I paid attention to the athletes and talked to some of them about what it takes to get to WZA and to be competitive. One masters woman didn’t have rope climbs … and I watched so many people struggle with the swim.

I am _this close_ to getting a strict pull-up (I still have to kick at the very last part). I am working towards dips. And while I was able to get my first handstand pushups in the open, I have only been able to get one since them.

I want to crush this 10 week challenge.
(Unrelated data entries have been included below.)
(* Fix $t\ge1$ and suppose (A1), (A3), (A4'), (A5') hold (the latter two for all $s\in[0:t-1]$), and that the maps $\mathsf P_{s;\ell}$ and $x\mapsto\partial_1\mathsf L_{s;k}(x,y)$ are differentiable so that the estimators below are defined. Then there is $c_t=c_t(t)>1$ such that, deterministically, $$\|\hat{\bm\tau}^{[t]}\|_{\mathrm{op}}\vee\|\hat{\bm\rho}^{[t]}\|_{\mathrm{op}}\le(K\Lambda)^{c_t}.$$
   Context: Notation: $[a:b]=\{a,\dots,b\}$, $[n]=[1:n]$; $\|\cdot\|_{\mathrm{op}}$ spectral norm, $\|f\|_{\mathrm{Lip}}$ Lipschitz constant; $\mathrm{diag}(\cdot)$ diagonal matrix. For $M\in\mathbb R^{(t-1)\times(t-1)}$, $\mathfrak O_t(M)\in\mathbb R^{t\times t}$ has $(\mathfrak O_t(M))_{r,s}=M_{r-1,s}$ for $r\in[2:t],s\in[1:t-1]$, other entries $0$; $\mathfrak O_1(\emptyset)=0$. Setting: $m,n\ge1$, $\phi=m/n$; $A\in\mathbb R^{m\times n}$ (any matrix) with rows $A_k^\top$; $\mu_\ast,\mu^{(0)}\in\mathbb R^n$, $\xi\in\mathbb R^m$; measurable $\mathcal F:\mathbb R^2\to\mathbb R$, $Y_k=\mathcal F(\langle A_k,\mu_\ast\rangle,\xi_k)$. Step sizes $\eta_s>0$; $\mathsf L_{s;k}:\mathbb R^2\to\mathbb R$ ($s\ge0$; $\partial_1,\partial_{11}$ derivatives in first argument), $\mathsf P_{s;\ell}:\mathbb R\to\mathbb R$ ($s\ge1$); $\partial_1\mathsf L_s(x,y)=(\partial_1\mathsf L_{s;k}(x_k,y_k))_k$, $\mathsf P_s(x)=(\mathsf P_{s;\ell}(x_\ell))_\ell$; $\mu^{(t)}=\mathsf P_t(\mu^{(t-1)}-\eta_{t-1}A^\top\partial_1\mathsf L_{t-1}(A\mu^{(t-1)},Y))$. Conditions ($K,\Lambda\ge2$): (A1) $1/K\le\phi\le K$; (A3) $\max_{s\in[0:t-1]}\eta_s\le\Lambda$; (A4') $\max_\ell\{|\mathsf P_{s+1;\ell}(0)|\vee\|\mathsf P_{s+1;\ell}\|_{\mathrm{Lip}}\}\le\Lambda$; (A5') $\max_k\{|\partial_1\mathsf L_{s;k}(0,\mathcal F(0,\xi_k))|\vee\|(u_1,u_2)\mapsto\partial_1\mathsf L_{s;k}(u_1,\mathcal F(u_2,\xi_k))\|_{\mathrm{Lip}}\}\le\Lambda$. Estimators (gradient descent inference algorithm): $\hat{\bm\rho}^{[0]}=\hat{\bm\rho}^{[0]}_\ell=\emptyset$; for $t\ge1$: $\hat{\bm L}^{[t]}_k=\mathrm{diag}(\{-\eta_{s-1}\partial_{11}\mathsf L_{s-1;k}((A\mu^{(s-1)})_k,Y_k)\}_{s\in[1:t]})$, $\hat{\bm\tau}^{[t]}_k=\phi[I_t-\hat{\bm L}^{[t]}_k\mathfrak O_t(\hat{\bm\rho}^{[t-1]})]^{-1}\hat{\bm L}^{[t]}_k$, $\hat{\bm\tau}^{[t]}=\frac1m\sum_k\hat{\bm\tau}^{[t]}_k$; $\hat{\bm P}^{[t]}_\ell=\mathrm{diag}(\{\mathsf P'_{s;\ell}((\mu^{(s-1)}-\eta_{s-1}A^\top\partial_1\mathsf L_{s-1}(A\mu^{(s-1)},Y))_\ell)\}_{s\in[1:t]})$, $\hat{\bm\rho}^{[t]}_\ell=\hat{\bm P}^{[t]}_\ell[I_t+(\hat{\bm\tau}^{[t]}+I_t)\mathfrak O_t(\hat{\bm\rho}^{[t-1]}_\ell)]$, $\hat{\bm\rho}^{[t]}=\frac1n\sum_\ell\hat{\bm\rho}^{[t]}_\ell$. *)

From HB Require Import structures.
From mathcomp Require Import all_boot all_order all_algebra.
From mathcomp Require Import all_classical all_reals all_analysis.
Set Implicit Arguments. Unset Strict Implicit. Unset Printing Implicit Defensive.
Import Order.TTheory GRing.Theory Num.Theory.
Local Open Scope ring_scope.
Local Open Scope classical_set_scope.
Lemma iota_anticommWdW d u :
  iota (d, 0) * iota (0, u) = (pair_ev d u)%:A - iota (0, u) * iota (d, 0).
Proof. by rewrite iota_anticomm /= pair_ev0l addr0. Qed.

Lemma iota_anticommWWd u d :
  iota (0, u) * iota (d, 0) = (pair_ev d u)%:A - iota (d, 0) * iota (0, u).
Proof. by rewrite iota_anticomm /= pair_ev0l add0r. Qed.

Lemma iotaWdD d1 d2 : iota (d1 + d2, 0) = iota (d1, 0) + iota (d2, 0).
Proof. by rewrite -iotaD addr0. Qed.
Lemma iotaWdZ a d : iota (a *: d, 0) = a *: iota (d, 0).
Proof. by rewrite -iotaZ scaler0. Qed.
Lemma iotaWD u1 u2 : iota (0, u1 + u2) = iota (0, u1) + iota (0, u2).
Proof. by rewrite -iotaD addr0. Qed.
Lemma iotaWZ a u : iota (0, a *: u) = a *: iota (0, u).
Proof. by rewrite -iotaZ scaler0. Qed.

Section Transvection.
Variables (dl : 'rV[K]_n) (w : 'cV[K]_n) (dlw0 : pair_ev dl w = 0).
Local Notation x := (1 + iota (dl, 0) * iota (0, w)).

Lemma transv_rep_intertwWd d :
  x * iota (d, 0) = iota (d + pair_ev d w *: dl, 0) * x.
Proof.
rewrite iotaWdD iotaWdZ mulrDl mul1r -mulrA iota_anticommWWd mulrBr mulr_algr.
rewrite mulrA iota_anticommWd mulNr opprK mulrDr mulr1 mulrDl -scalerAl mulrA.
by rewrite mulrA iota_sqWd mul0r scaler0 addr0 addrA.
Qed.

Lemma transv_rep_intertwW u :
  x * iota (0, u) = iota (0, u - pair_ev dl u *: w) * x.
Proof.
rewrite iotaWD -scaleNr iotaWZ mulrDl mul1r -mulrA iota_anticommW mulrN mulrA.
rewrite (iota_anticommWdW dl u) mulrBl mulr_algl mulrDr mulr1 mulrDl -scalerAl !mulrA.
have -> : iota (0, w) * iota (dl, 0) * iota (0, w) = 0.
  by rewrite iota_anticommWWd dlw0 scale0r sub0r mulNr -mulrA iota_sqW mulr0 oppr0.
by rewrite scaler0 addr0 scaleNr opprB -addrA (addrC (- _)) addrA.
Qed.

Lemma transv_rep_intertw z : x * iota z = iota (hyp_transv dl w z) * x.
Proof.
case: z => d u; rewrite /hyp_transv /= (iota_split d) (iota_split (d + _)).
by rewrite [LHS]mulrDr [RHS]mulrDl transv_rep_intertwWd transv_rep_intertwW.
Qed.

End Transvection.

Lemma iota_reflect p z : hypQ p = -1 ->
  iota p * iota z = iota (- (pair_ev p.1 z.2 + pair_ev z.1 p.2) *: p.1 - z.1,
                          - (pair_ev p.1 z.2 + pair_ev z.1 p.2) *: p.2 - z.2) * iota p.
Proof.
case: p z => d u [d' u'] /= Qp; rewrite iotaB iotaZ mulrBl -scalerAl iota_sq Qp.
by rewrite scaleN1r scalerN scaleNr opprK iota_anticomm.
Qed.
Definition is_md (G : topGroup) (d : nat) : Prop :=
  (exists Gam : CayleyAbels G, ca_degree Gam d) /\
  (forall (Gam : CayleyAbels G) (d' : nat), ca_degree Gam d' -> (d <= d')%N).

(* G acts discretely on Gam: vertex stabilizers in the induced permutation
   group G^Gam (the image of G in Sym(V)) are finite. *)
Definition acts_discretely (G : topGroup) (Gam : CayleyAbels G) : Prop :=
  forall v : ca_V Gam,
    finite_set [set f : ca_V Gam -> ca_V Gam |
                 exists g : G, ca_act (c:=Gam) g v = v /\ f = ca_act (c:=Gam) g].

(* Let K be a compact open normal subgroup of G.  The proof rests on one
   construction: for any action of G on a graph (V, adj), the quotient graph
   V/K has the K-orbits as vertices, two distinct orbits being adjacent when
   they contain adjacent representatives.  Since K is normal, G acts on V/K
   and K acts trivially there.  We show:
   - the stabiliser of the orbit of v is K * G_v; it is open (resp. compact)
     when G_v is open (resp. K and G_v are compact);
   - the neighbours of the orbit of v are images of neighbours of v, so V/K
     has degree at most the degree of V;
   - when K is open and G_v compact, G_v is covered by finitely many cosets
     uK, and K acts trivially, so G_v induces finitely many permutations of
     V/K: the action on V/K is discrete.
   A first Cayley--Abels graph is the quotient by K of a Cayley graph of G
   with respect to a finite set F whose K-cosets cover a compact generating
   set.  Hence md(G) is attained by some Cayley--Abels graph Gam, and Gam/K
   is a Cayley--Abels graph of degree <= md(G), thus = md(G), on which G acts
   discretely. *)
From HB Require Import structures.
From mathcomp Require Import all_boot all_order all_algebra.
From mathcomp Require Import all_classical all_reals all_analysis.
From mathcomp Require Import finmap.
From Stdlib Require Import Relations.Relation_Operators.
Set Implicit Arguments. Unset Strict Implicit. Unset Printing Implicit Defensive.
Local Open Scope classical_set_scope.
Local Open Scope card_scope.

Section GroupFacts.
Variable G : topGroup.
Local Notation mul := (tg_mul (t:=G)).
Local Notation inv := (tg_inv (t:=G)).
Local Notation one := (tg_one G).

Lemma tg_mulgV (x : G) : mul x (inv x) = one.
Proof.
rewrite -[LHS]tg_mul1g -{1}(tg_mulVg (inv x)) -tg_mulA (tg_mulA (inv x) x).
by rewrite tg_mulVg tg_mul1g tg_mulVg.
Qed.

Lemma tg_mulg1 (x : G) : mul x one = x.
Proof. by rewrite -(tg_mulVg x) tg_mulA tg_mulgV tg_mul1g. Qed.

Lemma tg_invgK (x : G) : inv (inv x) = x.
Proof. by rewrite -[LHS]tg_mulg1 -(tg_mulVg x) tg_mulA tg_mulVg tg_mul1g. Qed.

Lemma tg_mulKVg (x y : G) : mul x (mul (inv x) y) = y.
Proof. by rewrite tg_mulA tg_mulgV tg_mul1g. Qed.

Lemma tg_mulIg (g k x : G) : mul g x = mul k x -> g = k.
Proof.
move=> e; have : mul (mul g x) (inv x) = mul (mul k x) (inv x) by rewrite e.
by rewrite -!tg_mulA tg_mulgV !tg_mulg1.
Qed.

(* Left translations are continuous, so left translates gU of open sets,
   written as preimages under x |-> g^-1 x, are open. *)
Lemma lmul_continuous (g : G) : continuous (fun x : G => mul g x).
Proof.
move=> x; apply: (@continuous2_cvg _ _ _ _ _ _ (fun _ => g) id (fun a b => mul a b)).
- exact: (@tg_mul_cont _ (g, x)).
- exact: cvg_cst.
- exact: cvg_id.
Qed.

Lemma open_ltranslate (g : G) (U : set G) :
  open U -> open [set x | U (mul (inv g) x)].
Proof. by move=> oU; have /continuousP := @lmul_continuous (inv g); apply. Qed.

End GroupFacts.

(* The cover characterisation of compactness is stated for pointed spaces;
   a topological group is pointed by its unit. *)
Definition pointed_group (G : topGroup) : Type := tg_carrier G.
HB.instance Definition _ (G : topGroup) := Topological.on (pointed_group G).
HB.instance Definition _ (G : topGroup) :=
  isPointed.Build (pointed_group G) (tg_one G).
Lemma mulmvN M u : mulmv M (- u) = - mulmv M u.
Proof.
apply/funext => a; rewrite /mulmv !fctE /= -sumrN.
by apply: eq_bigr => b _; rewrite mulrN.
Qed.

Lemma mulmvB M u w : mulmv M (u - w) = mulmv M u - mulmv M w.
Proof. by rewrite mulmvD mulmvN. Qed.

Lemma mulmvZ M t v : mulmv M (t%:C *: v) = t%:C *: mulmv M v.
Proof.
apply/funext => a; rewrite /mulmv !fctE /= scalecE mulr_sumr.
by apply: eq_bigr => b _; rewrite scalecE mulrCA.
Qed.

Lemma mulmv_bounded M :
  exists2 K, 0 <= K & forall v, rdot (mulmv M v) (mulmv M v) <= K * rdot v v.
Proof.
pose re_row a b := (M a b)^*; pose im_row a b := Complex (Im (M a b)) (Re (M a b)).
exists (\sum_a (rdot (re_row a) (re_row a) + rdot (im_row a) (im_row a))).
  by apply: sumr_ge0 => a _; rewrite addr_ge0 ?rdot_ge0.
move=> v; rewrite mulr_suml; apply: ler_sum => a _; rewrite mulrDl.
have -> : Re (mulmv M v a) = rdot (re_row a) v.
  rewrite /mulmv raddf_sum; apply: eq_bigr => b _.
  by rewrite /re_row; case: (M a b) => x y; case: (v b) => x' y' /=; ring.
have -> : Im (mulmv M v a) = rdot (im_row a) v.
  rewrite /mulmv raddf_sum; apply: eq_bigr => b _.
  by rewrite /im_row; case: (M a b) => x y; case: (v b) => x' y' /=; ring.
by rewrite -!expr2; apply: lerD; apply: rdot_CauchySchwarz.
Qed.

Lemma opnorm_has_sup M :
  has_sup [set x : R | exists v : J -> R[i],
    cnorm2 v <= 1 /\ x = Num.sqrt (cnorm2 (fun a => \sum_(b : J) M a b * v b))].
Proof.
split; first by exists (vnorm (mulmv M 0)), 0; rewrite cnorm2_rdot rdot0l.
have [K K_ge0 hK] := mulmv_bounded M.
exists (Num.sqrt K) => _ [v [v_le1 ->]].
rewrite ler_sqrt // cnorm2_rdot; apply: le_trans (hK v) _.
by rewrite -cnorm2_rdot ler_piMr.
Qed.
I am going to use it to jumpstart myself back towards weight loss and in order to be STRONGER. I know that I have it in me.

Nutritionally, I can dial it in.

Physically, we are in strength cycle at CrossFit and I am currently learning how to swim so that I can be successful if I qualify for WZA2019.

I need to do better at running because I did just qualify for the CanWest games at the end of July and that competition begins with a 4.5 mile run and this challenge will drive me to put in the hard work necessary to be successful.

I have the support of my husband, daughters and friends and have stated, if I win, it will be very similar to the Ashley Horner Challenge, when I was able to purchase a rower and a Rogue Rack with the winnings, I want to purchase either an Air Runner or a Ski Erg .

I am looking forward to the competition of the others in the challenge, to making new friends and to learning from RP and the other sponsors.